(EXERCISE DESCRIPTION): Repeat the lines below exactly as written, please, from the line with "Import Order.TTheory GRing.Theory Num.Theory." to the line with "forall z p, phi", both lines included, and no others.

(SOURCE INFORMATION):
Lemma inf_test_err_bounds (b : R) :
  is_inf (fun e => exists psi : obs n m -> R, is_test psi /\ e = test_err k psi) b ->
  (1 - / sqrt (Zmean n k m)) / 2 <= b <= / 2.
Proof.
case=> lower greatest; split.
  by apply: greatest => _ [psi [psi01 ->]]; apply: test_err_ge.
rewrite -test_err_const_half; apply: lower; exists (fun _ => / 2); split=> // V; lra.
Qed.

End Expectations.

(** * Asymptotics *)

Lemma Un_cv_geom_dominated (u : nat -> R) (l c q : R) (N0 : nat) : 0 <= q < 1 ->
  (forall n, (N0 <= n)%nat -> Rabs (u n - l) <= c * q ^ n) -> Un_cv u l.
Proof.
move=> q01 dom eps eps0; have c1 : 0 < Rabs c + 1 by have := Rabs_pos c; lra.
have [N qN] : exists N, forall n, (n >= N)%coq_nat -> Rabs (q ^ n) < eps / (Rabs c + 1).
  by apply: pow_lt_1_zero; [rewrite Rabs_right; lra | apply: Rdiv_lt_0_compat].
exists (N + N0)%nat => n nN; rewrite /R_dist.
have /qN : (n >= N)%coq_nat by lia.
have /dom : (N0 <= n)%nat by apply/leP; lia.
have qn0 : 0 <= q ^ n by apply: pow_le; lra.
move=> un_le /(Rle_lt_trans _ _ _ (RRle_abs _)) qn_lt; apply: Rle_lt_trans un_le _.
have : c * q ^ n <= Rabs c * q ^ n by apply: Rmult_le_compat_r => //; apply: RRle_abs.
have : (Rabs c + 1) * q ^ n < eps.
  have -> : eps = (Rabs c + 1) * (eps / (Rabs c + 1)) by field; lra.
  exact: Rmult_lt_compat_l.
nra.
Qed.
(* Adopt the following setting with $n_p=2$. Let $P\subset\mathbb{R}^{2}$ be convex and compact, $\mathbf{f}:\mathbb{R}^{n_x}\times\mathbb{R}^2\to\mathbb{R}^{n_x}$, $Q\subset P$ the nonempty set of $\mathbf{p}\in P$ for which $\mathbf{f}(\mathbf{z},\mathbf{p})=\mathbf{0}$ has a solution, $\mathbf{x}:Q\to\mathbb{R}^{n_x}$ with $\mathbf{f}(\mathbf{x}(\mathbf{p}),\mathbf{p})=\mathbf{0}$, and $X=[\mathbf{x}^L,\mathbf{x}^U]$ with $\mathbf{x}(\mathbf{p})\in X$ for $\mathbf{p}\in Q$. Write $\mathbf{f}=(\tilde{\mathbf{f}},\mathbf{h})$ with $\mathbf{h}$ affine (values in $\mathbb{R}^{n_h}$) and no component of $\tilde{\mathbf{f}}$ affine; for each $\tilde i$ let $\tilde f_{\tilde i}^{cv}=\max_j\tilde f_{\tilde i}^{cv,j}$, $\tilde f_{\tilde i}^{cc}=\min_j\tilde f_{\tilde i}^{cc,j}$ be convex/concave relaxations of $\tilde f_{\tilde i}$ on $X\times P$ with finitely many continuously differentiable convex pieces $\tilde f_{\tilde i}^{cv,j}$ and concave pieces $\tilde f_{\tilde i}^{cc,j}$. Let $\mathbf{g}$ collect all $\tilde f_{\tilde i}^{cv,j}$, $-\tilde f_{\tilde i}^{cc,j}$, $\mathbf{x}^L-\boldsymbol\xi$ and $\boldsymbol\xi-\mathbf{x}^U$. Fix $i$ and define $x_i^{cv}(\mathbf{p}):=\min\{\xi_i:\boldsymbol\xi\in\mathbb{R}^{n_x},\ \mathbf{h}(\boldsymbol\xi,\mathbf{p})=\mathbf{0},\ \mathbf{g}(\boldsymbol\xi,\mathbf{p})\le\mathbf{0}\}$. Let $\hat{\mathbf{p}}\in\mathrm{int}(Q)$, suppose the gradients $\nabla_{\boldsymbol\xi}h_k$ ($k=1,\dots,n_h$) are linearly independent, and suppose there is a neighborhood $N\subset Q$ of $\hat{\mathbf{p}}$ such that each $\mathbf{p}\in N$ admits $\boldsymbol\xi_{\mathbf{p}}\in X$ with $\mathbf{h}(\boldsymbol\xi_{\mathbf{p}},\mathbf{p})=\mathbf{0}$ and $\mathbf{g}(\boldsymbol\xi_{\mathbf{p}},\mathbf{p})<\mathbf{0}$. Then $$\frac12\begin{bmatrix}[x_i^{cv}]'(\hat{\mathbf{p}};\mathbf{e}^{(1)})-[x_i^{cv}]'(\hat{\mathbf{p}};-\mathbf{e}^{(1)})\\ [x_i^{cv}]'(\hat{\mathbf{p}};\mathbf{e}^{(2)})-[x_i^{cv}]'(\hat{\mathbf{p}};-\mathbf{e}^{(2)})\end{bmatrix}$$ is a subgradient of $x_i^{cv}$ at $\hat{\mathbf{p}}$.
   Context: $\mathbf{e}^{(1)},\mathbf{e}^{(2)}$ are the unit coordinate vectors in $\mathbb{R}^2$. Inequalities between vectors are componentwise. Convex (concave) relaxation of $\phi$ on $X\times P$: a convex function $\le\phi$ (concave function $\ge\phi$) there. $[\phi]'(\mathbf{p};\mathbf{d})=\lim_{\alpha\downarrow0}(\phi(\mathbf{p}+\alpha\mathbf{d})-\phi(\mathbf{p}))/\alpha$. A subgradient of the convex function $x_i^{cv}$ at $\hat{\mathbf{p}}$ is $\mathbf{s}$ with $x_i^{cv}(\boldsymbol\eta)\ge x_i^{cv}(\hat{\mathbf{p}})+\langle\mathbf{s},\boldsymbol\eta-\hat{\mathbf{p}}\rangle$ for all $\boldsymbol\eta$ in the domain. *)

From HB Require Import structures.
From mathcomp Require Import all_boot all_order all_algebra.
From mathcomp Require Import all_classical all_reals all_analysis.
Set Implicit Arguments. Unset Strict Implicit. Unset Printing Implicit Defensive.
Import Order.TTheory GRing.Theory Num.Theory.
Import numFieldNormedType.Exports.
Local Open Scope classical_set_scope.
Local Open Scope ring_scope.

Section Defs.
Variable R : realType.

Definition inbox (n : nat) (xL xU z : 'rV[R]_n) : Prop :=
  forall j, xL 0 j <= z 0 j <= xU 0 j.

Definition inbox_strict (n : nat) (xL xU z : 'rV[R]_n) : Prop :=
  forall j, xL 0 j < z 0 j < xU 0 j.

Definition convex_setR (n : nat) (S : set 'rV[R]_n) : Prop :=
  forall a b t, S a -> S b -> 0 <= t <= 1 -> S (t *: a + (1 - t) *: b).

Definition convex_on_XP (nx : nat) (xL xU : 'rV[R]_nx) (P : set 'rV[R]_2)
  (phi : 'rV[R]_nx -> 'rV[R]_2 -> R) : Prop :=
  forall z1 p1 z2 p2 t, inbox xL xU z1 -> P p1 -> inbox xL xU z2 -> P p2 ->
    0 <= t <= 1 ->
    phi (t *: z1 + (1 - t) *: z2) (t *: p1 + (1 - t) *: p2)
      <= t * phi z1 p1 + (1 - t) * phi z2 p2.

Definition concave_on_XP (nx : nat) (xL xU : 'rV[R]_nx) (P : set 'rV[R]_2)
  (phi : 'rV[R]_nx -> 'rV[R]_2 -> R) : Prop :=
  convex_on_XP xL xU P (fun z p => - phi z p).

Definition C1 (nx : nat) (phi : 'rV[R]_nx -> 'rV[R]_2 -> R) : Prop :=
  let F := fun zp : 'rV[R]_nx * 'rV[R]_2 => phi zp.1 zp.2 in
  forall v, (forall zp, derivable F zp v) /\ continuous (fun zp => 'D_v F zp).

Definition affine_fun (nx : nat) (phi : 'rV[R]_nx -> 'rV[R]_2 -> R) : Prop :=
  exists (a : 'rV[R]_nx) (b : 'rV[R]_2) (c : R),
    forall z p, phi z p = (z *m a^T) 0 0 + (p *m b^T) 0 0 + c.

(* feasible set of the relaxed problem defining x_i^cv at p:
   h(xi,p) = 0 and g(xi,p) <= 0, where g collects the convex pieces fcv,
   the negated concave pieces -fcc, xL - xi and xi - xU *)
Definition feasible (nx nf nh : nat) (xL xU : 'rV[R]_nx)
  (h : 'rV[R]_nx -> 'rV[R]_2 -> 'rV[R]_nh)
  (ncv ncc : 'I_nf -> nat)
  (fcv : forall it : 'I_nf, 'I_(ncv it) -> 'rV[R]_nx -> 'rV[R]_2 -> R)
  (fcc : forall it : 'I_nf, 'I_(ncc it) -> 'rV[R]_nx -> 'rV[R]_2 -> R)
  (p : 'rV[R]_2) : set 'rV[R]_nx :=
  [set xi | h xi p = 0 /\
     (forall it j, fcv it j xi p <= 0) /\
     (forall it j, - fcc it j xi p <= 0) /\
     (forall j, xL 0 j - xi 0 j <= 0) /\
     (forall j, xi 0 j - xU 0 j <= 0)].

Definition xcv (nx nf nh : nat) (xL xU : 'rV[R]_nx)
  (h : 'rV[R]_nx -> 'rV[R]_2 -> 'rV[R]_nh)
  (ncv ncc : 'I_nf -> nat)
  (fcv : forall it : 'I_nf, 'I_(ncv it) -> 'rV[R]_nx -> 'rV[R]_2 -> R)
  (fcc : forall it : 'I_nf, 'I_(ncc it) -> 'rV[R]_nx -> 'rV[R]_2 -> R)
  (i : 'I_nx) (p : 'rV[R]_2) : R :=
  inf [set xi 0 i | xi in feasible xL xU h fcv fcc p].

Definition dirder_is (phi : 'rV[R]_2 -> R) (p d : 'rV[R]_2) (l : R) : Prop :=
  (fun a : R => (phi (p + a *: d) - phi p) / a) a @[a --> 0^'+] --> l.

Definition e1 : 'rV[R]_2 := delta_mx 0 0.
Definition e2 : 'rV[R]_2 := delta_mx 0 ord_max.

(RESULT):
Import Order.TTheory GRing.Theory Num.Theory.
Import numFieldNormedType.Exports.
Local Open Scope classical_set_scope.
Local Open Scope ring_scope.

Section Defs.
Variable R : realType.

Definition inbox (n : nat) (xL xU z : 'rV[R]_n) : Prop :=
  forall j, xL 0 j <= z 0 j <= xU 0 j.

Definition inbox_strict (n : nat) (xL xU z : 'rV[R]_n) : Prop :=
  forall j, xL 0 j < z 0 j < xU 0 j.

Definition convex_setR (n : nat) (S : set 'rV[R]_n) : Prop :=
  forall a b t, S a -> S b -> 0 <= t <= 1 -> S (t *: a + (1 - t) *: b).

Definition convex_on_XP (nx : nat) (xL xU : 'rV[R]_nx) (P : set 'rV[R]_2)
  (phi : 'rV[R]_nx -> 'rV[R]_2 -> R) : Prop :=
  forall z1 p1 z2 p2 t, inbox xL xU z1 -> P p1 -> inbox xL xU z2 -> P p2 ->
    0 <= t <= 1 ->
    phi (t *: z1 + (1 - t) *: z2) (t *: p1 + (1 - t) *: p2)
      <= t * phi z1 p1 + (1 - t) * phi z2 p2.

Definition concave_on_XP (nx : nat) (xL xU : 'rV[R]_nx) (P : set 'rV[R]_2)
  (phi : 'rV[R]_nx -> 'rV[R]_2 -> R) : Prop :=
  convex_on_XP xL xU P (fun z p => - phi z p).

Definition C1 (nx : nat) (phi : 'rV[R]_nx -> 'rV[R]_2 -> R) : Prop :=
  let F := fun zp : 'rV[R]_nx * 'rV[R]_2 => phi zp.1 zp.2 in
  forall v, (forall zp, derivable F zp v) /\ continuous (fun zp => 'D_v F zp).

Definition affine_fun (nx : nat) (phi : 'rV[R]_nx -> 'rV[R]_2 -> R) : Prop :=
  exists (a : 'rV[R]_nx) (b : 'rV[R]_2) (c : R),
    forall z p, phi z p = (z *m a^T) 0 0 + (p *m b^T) 0 0 + c.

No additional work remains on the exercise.